## Task instructions
Reproduce, from the lines below, exactly the stretch that begins at the line containing "by apply: z1; apply: PhiStar_Xn_sub1_pow." and ends at the line containing "move=> p_gt1 x", both included.

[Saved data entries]
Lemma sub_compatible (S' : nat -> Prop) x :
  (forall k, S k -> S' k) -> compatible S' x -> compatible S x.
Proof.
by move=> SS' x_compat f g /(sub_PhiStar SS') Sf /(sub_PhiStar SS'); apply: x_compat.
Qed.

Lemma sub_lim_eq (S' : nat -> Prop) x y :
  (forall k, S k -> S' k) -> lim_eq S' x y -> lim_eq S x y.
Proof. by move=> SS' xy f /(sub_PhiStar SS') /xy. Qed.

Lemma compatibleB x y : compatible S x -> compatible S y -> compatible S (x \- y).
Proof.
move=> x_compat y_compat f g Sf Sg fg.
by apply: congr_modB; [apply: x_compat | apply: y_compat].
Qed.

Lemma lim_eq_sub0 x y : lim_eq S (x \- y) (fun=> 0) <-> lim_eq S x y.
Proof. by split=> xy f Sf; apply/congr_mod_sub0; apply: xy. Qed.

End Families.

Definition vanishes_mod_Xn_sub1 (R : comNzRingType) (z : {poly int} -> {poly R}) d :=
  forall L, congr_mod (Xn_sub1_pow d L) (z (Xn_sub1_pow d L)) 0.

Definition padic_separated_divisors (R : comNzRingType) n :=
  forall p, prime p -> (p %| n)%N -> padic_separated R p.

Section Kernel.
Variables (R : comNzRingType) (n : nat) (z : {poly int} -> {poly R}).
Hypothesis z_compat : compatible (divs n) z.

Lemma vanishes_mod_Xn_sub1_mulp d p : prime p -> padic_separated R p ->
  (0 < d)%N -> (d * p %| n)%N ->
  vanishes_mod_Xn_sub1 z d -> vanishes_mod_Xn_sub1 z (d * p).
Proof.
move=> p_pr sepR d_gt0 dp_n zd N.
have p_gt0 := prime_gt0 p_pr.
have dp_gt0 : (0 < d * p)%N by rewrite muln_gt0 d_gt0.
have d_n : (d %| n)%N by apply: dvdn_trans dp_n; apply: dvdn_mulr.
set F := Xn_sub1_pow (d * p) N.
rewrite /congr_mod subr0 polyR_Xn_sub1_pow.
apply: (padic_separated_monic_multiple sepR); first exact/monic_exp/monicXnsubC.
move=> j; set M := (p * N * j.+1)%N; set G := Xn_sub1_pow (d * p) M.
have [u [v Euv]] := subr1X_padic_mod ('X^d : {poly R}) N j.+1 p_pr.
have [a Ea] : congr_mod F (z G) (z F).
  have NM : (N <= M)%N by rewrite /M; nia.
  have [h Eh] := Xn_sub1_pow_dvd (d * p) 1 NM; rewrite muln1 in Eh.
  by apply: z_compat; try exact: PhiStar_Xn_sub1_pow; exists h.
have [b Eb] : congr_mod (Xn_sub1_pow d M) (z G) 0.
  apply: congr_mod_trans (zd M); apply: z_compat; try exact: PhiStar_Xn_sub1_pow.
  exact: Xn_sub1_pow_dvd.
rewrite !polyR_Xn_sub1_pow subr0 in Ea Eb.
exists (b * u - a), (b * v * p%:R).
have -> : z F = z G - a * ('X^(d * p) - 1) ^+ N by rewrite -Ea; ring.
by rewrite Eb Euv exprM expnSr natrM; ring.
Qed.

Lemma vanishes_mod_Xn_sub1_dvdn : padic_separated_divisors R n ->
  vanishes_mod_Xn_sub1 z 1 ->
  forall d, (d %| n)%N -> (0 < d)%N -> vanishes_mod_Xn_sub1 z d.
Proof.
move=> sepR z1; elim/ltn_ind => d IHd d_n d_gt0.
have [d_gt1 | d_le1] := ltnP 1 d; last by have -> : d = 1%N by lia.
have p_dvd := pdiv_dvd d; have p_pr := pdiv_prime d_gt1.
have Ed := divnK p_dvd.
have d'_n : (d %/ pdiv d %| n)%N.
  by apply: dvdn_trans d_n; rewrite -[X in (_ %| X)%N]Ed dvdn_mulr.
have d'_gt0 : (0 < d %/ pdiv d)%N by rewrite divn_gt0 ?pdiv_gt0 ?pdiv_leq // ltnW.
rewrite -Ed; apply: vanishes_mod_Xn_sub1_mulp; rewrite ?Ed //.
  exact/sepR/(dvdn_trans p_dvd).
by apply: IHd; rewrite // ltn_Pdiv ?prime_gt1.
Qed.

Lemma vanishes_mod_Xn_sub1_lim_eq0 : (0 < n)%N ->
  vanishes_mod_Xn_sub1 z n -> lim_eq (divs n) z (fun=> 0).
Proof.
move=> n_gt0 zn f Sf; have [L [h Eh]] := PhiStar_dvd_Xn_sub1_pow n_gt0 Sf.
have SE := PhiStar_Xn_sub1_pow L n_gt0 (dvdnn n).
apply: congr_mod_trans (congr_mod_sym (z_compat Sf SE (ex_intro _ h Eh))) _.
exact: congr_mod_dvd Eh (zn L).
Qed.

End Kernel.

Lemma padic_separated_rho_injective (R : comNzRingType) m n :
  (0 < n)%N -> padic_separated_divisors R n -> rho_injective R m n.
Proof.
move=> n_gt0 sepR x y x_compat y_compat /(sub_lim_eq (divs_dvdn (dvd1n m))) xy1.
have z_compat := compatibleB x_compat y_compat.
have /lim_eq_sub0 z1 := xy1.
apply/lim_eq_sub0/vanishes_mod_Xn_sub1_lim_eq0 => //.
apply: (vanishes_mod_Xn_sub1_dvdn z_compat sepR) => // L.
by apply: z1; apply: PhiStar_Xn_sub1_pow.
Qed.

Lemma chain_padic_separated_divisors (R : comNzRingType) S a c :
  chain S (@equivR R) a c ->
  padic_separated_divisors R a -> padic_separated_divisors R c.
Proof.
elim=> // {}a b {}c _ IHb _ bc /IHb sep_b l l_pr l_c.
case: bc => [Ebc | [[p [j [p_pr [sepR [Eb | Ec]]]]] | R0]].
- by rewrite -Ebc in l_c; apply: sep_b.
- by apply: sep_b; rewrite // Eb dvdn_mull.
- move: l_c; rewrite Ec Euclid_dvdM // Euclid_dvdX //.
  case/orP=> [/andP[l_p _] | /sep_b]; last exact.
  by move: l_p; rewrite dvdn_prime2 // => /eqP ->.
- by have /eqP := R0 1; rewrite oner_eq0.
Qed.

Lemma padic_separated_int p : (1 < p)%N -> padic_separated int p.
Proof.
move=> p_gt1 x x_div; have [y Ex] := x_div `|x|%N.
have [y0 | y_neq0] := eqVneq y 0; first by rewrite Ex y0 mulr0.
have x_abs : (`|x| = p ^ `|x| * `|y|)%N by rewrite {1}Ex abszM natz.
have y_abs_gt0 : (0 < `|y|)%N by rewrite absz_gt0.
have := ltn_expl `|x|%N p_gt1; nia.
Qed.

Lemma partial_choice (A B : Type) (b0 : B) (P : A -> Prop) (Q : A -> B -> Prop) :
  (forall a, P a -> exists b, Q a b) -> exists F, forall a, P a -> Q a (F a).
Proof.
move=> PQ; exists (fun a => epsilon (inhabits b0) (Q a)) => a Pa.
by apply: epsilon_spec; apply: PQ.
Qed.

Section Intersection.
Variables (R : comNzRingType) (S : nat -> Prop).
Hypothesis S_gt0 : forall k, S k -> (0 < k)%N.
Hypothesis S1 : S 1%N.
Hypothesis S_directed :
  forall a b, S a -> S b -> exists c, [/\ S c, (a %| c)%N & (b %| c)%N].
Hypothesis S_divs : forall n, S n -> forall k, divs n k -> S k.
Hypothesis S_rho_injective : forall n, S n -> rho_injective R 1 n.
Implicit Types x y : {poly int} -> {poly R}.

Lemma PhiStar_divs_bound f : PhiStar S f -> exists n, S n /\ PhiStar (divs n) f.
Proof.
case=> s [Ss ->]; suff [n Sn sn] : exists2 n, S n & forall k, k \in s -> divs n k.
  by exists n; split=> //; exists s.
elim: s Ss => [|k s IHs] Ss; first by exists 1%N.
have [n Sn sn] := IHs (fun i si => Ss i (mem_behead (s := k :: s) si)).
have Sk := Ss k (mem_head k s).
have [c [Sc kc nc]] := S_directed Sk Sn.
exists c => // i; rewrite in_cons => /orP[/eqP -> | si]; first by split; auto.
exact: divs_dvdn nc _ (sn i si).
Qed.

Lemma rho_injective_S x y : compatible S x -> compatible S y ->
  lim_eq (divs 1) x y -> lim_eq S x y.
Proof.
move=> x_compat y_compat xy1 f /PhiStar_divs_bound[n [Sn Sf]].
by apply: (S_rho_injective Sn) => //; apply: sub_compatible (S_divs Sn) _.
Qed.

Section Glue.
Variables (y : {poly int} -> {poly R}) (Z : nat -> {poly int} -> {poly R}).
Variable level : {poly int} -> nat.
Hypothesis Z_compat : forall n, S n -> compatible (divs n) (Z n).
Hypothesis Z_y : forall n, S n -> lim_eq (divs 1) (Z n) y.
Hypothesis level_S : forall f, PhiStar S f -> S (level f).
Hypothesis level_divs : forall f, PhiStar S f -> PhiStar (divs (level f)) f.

## Result of the exercise
by apply: z1; apply: PhiStar_Xn_sub1_pow.
Qed.

Lemma chain_padic_separated_divisors (R : comNzRingType) S a c :
  chain S (@equivR R) a c ->
  padic_separated_divisors R a -> padic_separated_divisors R c.
Proof.
elim=> // {}a b {}c _ IHb _ bc /IHb sep_b l l_pr l_c.
case: bc => [Ebc | [[p [j [p_pr [sepR [Eb | Ec]]]]] | R0]].
- by rewrite -Ebc in l_c; apply: sep_b.
- by apply: sep_b; rewrite // Eb dvdn_mull.
- move: l_c; rewrite Ec Euclid_dvdM // Euclid_dvdX //.
  case/orP=> [/andP[l_p _] | /sep_b]; last exact.
  by move: l_p; rewrite dvdn_prime2 // => /eqP ->.
- by have /eqP := R0 1; rewrite oner_eq0.
Qed.

Lemma padic_separated_int p : (1 < p)%N -> padic_separated int p.
Proof.
move=> p_gt1 x x_div; have [y Ex] := x_div `|x|%N.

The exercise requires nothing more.